- Born: 1975 (age 50–51) United States
- Occupations: Theatre director; playwright; screenwriter;
- Years active: 1998–present
- Notable work: Cyrano (screenplay)
- Spouse: Peter Dinklage ​(m. 2005)​
- Children: 2

= Erica Schmidt =

American theatre director and writer (born 1975)

Erica Schmidt (born 1975) is an American theatre director, playwright, and screenwriter best known for writing the BAFTA- and Academy Award-nominated 2021 film Cyrano, based on her 2018 stage musical of the same name. The musical premiered at the Goodspeed. She was nominated for the Las Vegas Film Critics Society Award for Best Adapted Screenplay and the Sunset Film Circle Award for Best Screenplay.

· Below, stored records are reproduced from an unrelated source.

Definition shift_table4 : seq (seq nat) := [:: [:: 0; 0; 1; 3]; [:: 0; 1; 2; 2]; [:: 0; 3; 2; 1]; [:: 0; 0; 3; 0]; [:: 0; 2; 0; 2]; [:: 0; 1; 1; 3]; [:: 0; 1; 2; 3]; [:: 0; 2; 0; 1]; [:: 0; 2; 1; 1]; [:: 0; 3; 3; 3]; [:: 0; 3; 3; 0]].
Definition shift_table8 : seq (seq nat) := [:: [:: 0; 6; 6; 0; 2; 4; 2; 3]; [:: 0; 4; 3; 5; 3; 5; 1; 1]; [:: 0; 2; 1; 5; 1; 6; 3; 1]; [:: 0; 7; 0; 3; 2; 7; 2; 5]; [:: 0; 3; 7; 0; 5; 0; 2; 6]; [:: 0; 3; 1; 1; 7; 6; 4; 0]; [:: 0; 1; 2; 1; 7; 7; 7; 2]; [:: 0; 1; 2; 4; 3; 5; 6; 5]; [:: 0; 0; 0; 6; 0; 1; 3; 5]; [:: 0; 7; 4; 0; 0; 0; 5; 6]; [:: 0; 4; 5; 5; 3; 7; 5; 6]].
Definition shift_table9 : seq (seq nat) := [:: [:: 0; 1; 1; 6; 6; 4; 0; 6; 2]; [:: 0; 0; 2; 8; 2; 8; 7; 3; 7]; [:: 0; 4; 7; 2; 1; 2; 8; 7; 4]; [:: 0; 3; 1; 1; 8; 3; 8; 1; 3]; [:: 0; 2; 0; 1; 7; 3; 2; 3; 8]; [:: 0; 7; 6; 2; 5; 2; 2; 8; 5]; [:: 0; 0; 3; 2; 3; 5; 6; 2; 5]; [:: 0; 6; 0; 3; 1; 0; 4; 5; 0]; [:: 0; 3; 1; 7; 2; 2; 8; 6; 6]; [:: 0; 2; 3; 2; 7; 4; 6; 6; 7]; [:: 0; 1; 2; 6; 5; 4; 4; 1; 3]].
Definition shift_table12 : seq (seq nat) := [:: [:: 0; 7; 3; 8; 7; 1; 7; 11; 11; 0; 1; 7]; [:: 0; 8; 2; 9; 6; 11; 10; 6; 3; 5; 11; 7]; [:: 0; 4; 6; 10; 2; 11; 1; 3; 10; 8; 6; 8]; [:: 0; 6; 8; 0; 8; 8; 5; 10; 8; 6; 7; 6]; [:: 0; 9; 0; 2; 1; 9; 4; 4; 6; 5; 8; 3]; [:: 0; 5; 4; 10; 1; 0; 7; 4; 3; 9; 8; 3]; [:: 0; 1; 6; 11; 4; 11; 5; 0; 1; 4; 1; 1]; [:: 0; 1; 5; 3; 10; 6; 10; 2; 7; 8; 3; 5]; [:: 0; 10; 8; 7; 10; 0; 0; 5; 11; 8; 0; 4]; [:: 0; 6; 4; 1; 1; 1; 2; 3; 4; 2; 11; 7]; [:: 0; 11; 5; 0; 8; 7; 4; 8; 1; 2; 8; 3]].
Definition shift_table24 : seq (seq nat) := [:: [:: 0; 14; 15; 10; 7; 0; 15; 2; 6; 1; 15; 0; 13; 5; 1; 1; 1; 11; 4; 20; 13; 3; 8; 7]; [:: 0; 16; 7; 12; 23; 16; 16; 18; 14; 1; 14; 23; 8; 2; 20; 17; 16; 9; 6; 6; 15; 7; 7; 13]; [:: 0; 16; 6; 14; 10; 12; 5; 3; 23; 0; 2; 20; 23; 10; 22; 20; 19; 0; 12; 12; 11; 9; 15; 16]; [:: 0; 5; 5; 19; 16; 21; 7; 6; 17; 20; 0; 17; 0; 23; 5; 4; 15; 11; 2; 7; 21; 11; 15; 3]; [:: 0; 13; 14; 19; 3; 1; 6; 14; 11; 14; 5; 2; 1; 6; 16; 6; 17; 7; 21; 11; 2; 1; 10; 20]; [:: 0; 23; 4; 20; 0; 8; 23; 23; 13; 23; 22; 6; 15; 6; 2; 18; 3; 21; 4; 16; 3; 16; 10; 7]; [:: 0; 20; 20; 18; 22; 2; 14; 0; 1; 23; 18; 4; 23; 17; 7; 3; 11; 23; 14; 15; 7; 13; 6; 23]; [:: 0; 7; 15; 0; 9; 15; 12; 1; 3; 20; 1; 11; 10; 23; 3; 17; 19; 7; 16; 12; 21; 14; 16; 22]; [:: 0; 13; 18; 7; 10; 22; 13; 16; 22; 13; 4; 11; 18; 19; 18; 18; 17; 0; 23; 19; 10; 7; 11; 7]; [:: 0; 10; 16; 18; 5; 17; 3; 7; 2; 15; 11; 0; 3; 20; 11; 9; 9; 12; 14; 23; 9; 21; 20; 7]; [:: 0; 10; 21; 2; 9; 4; 18; 20; 9; 7; 18; 19; 1; 15; 20; 10; 2; 15; 0; 8; 3; 19; 21; 5]].
Definition shift_table27 : seq (seq nat) := [:: [:: 0; 3; 15; 14; 3; 19; 3; 21; 26; 23; 0; 20; 1; 11; 18; 25; 19; 23; 14; 23; 4; 2; 9; 15; 19; 6; 0]; [:: 0; 24; 23; 11; 26; 26; 19; 21; 7; 15; 5; 17; 18; 9; 25; 5; 16; 2; 23; 7; 18; 5; 7; 2; 4; 8; 21]; [:: 0; 26; 12; 17; 23; 7; 7; 15; 9; 14; 6; 18; 10; 12; 17; 3; 11; 18; 26; 3; 21; 15; 20; 23; 21; 20; 16]; [:: 0; 14; 8; 18; 10; 20; 6; 17; 22; 25; 11; 10; 22; 8; 23; 18; 11; 18; 26; 9; 0; 6; 12; 10; 1; 0; 12]; [:: 0; 23; 19; 7; 11; 1; 6; 6; 23; 9; 7; 22; 12; 1; 22; 11; 17; 0; 19; 16; 19; 11; 4; 15; 6; 3; 19]; [:: 0; 8; 22; 8; 26; 6; 16; 13; 6; 6; 2; 5; 26; 9; 15; 15; 13; 11; 2; 7; 5; 18; 18; 19; 8; 26; 0]; [:: 0; 12; 1; 20; 26; 15; 13; 2; 7; 19; 5; 17; 9; 21; 3; 12; 20; 12; 11; 21; 25; 15; 3; 5; 8; 21; 13]; [:: 0; 14; 10; 17; 21; 5; 19; 25; 8; 23; 13; 1; 12; 23; 25; 8; 10; 19; 3; 14; 9; 7; 9; 17; 13; 20; 19]; [:: 0; 22; 10; 11; 14; 7; 14; 22; 18; 15; 12; 12; 22; 11; 9; 24; 7; 1; 13; 20; 19; 19; 6; 3; 16; 26; 10]; [:: 0; 23; 22; 0; 20; 2; 24; 20; 12; 19; 19; 3; 3; 15; 19; 24; 3; 5; 20; 21; 12; 8; 20; 25; 1; 18; 6]; [:: 0; 4; 9; 16; 6; 15; 5; 8; 15; 13; 13; 15; 10; 7; 26; 11; 11; 23; 19; 14; 2; 8; 18; 14; 9; 6; 12]].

Schmidt has created and directed a number of off-Broadway plays, including Humor Abuse, The Play Company, Lucy, A Month in the Country, Mac Beth (her all-female adaptation of Macbeth) and The Disappear.

In 2001, Schmidt received a Robert and Gloria Hausman Theater Honor from the Princess Grace Foundation.

In 2020, Schmidt received nominations for the Drama Desk Award for Outstanding Director of a Play and Outstanding Revival of a Play for Mac Beth.

==Personal life==
In 2005, Schmidt married actor Peter Dinklage. Together, they have two children, a daughter born in 2011 and a son born in 2017.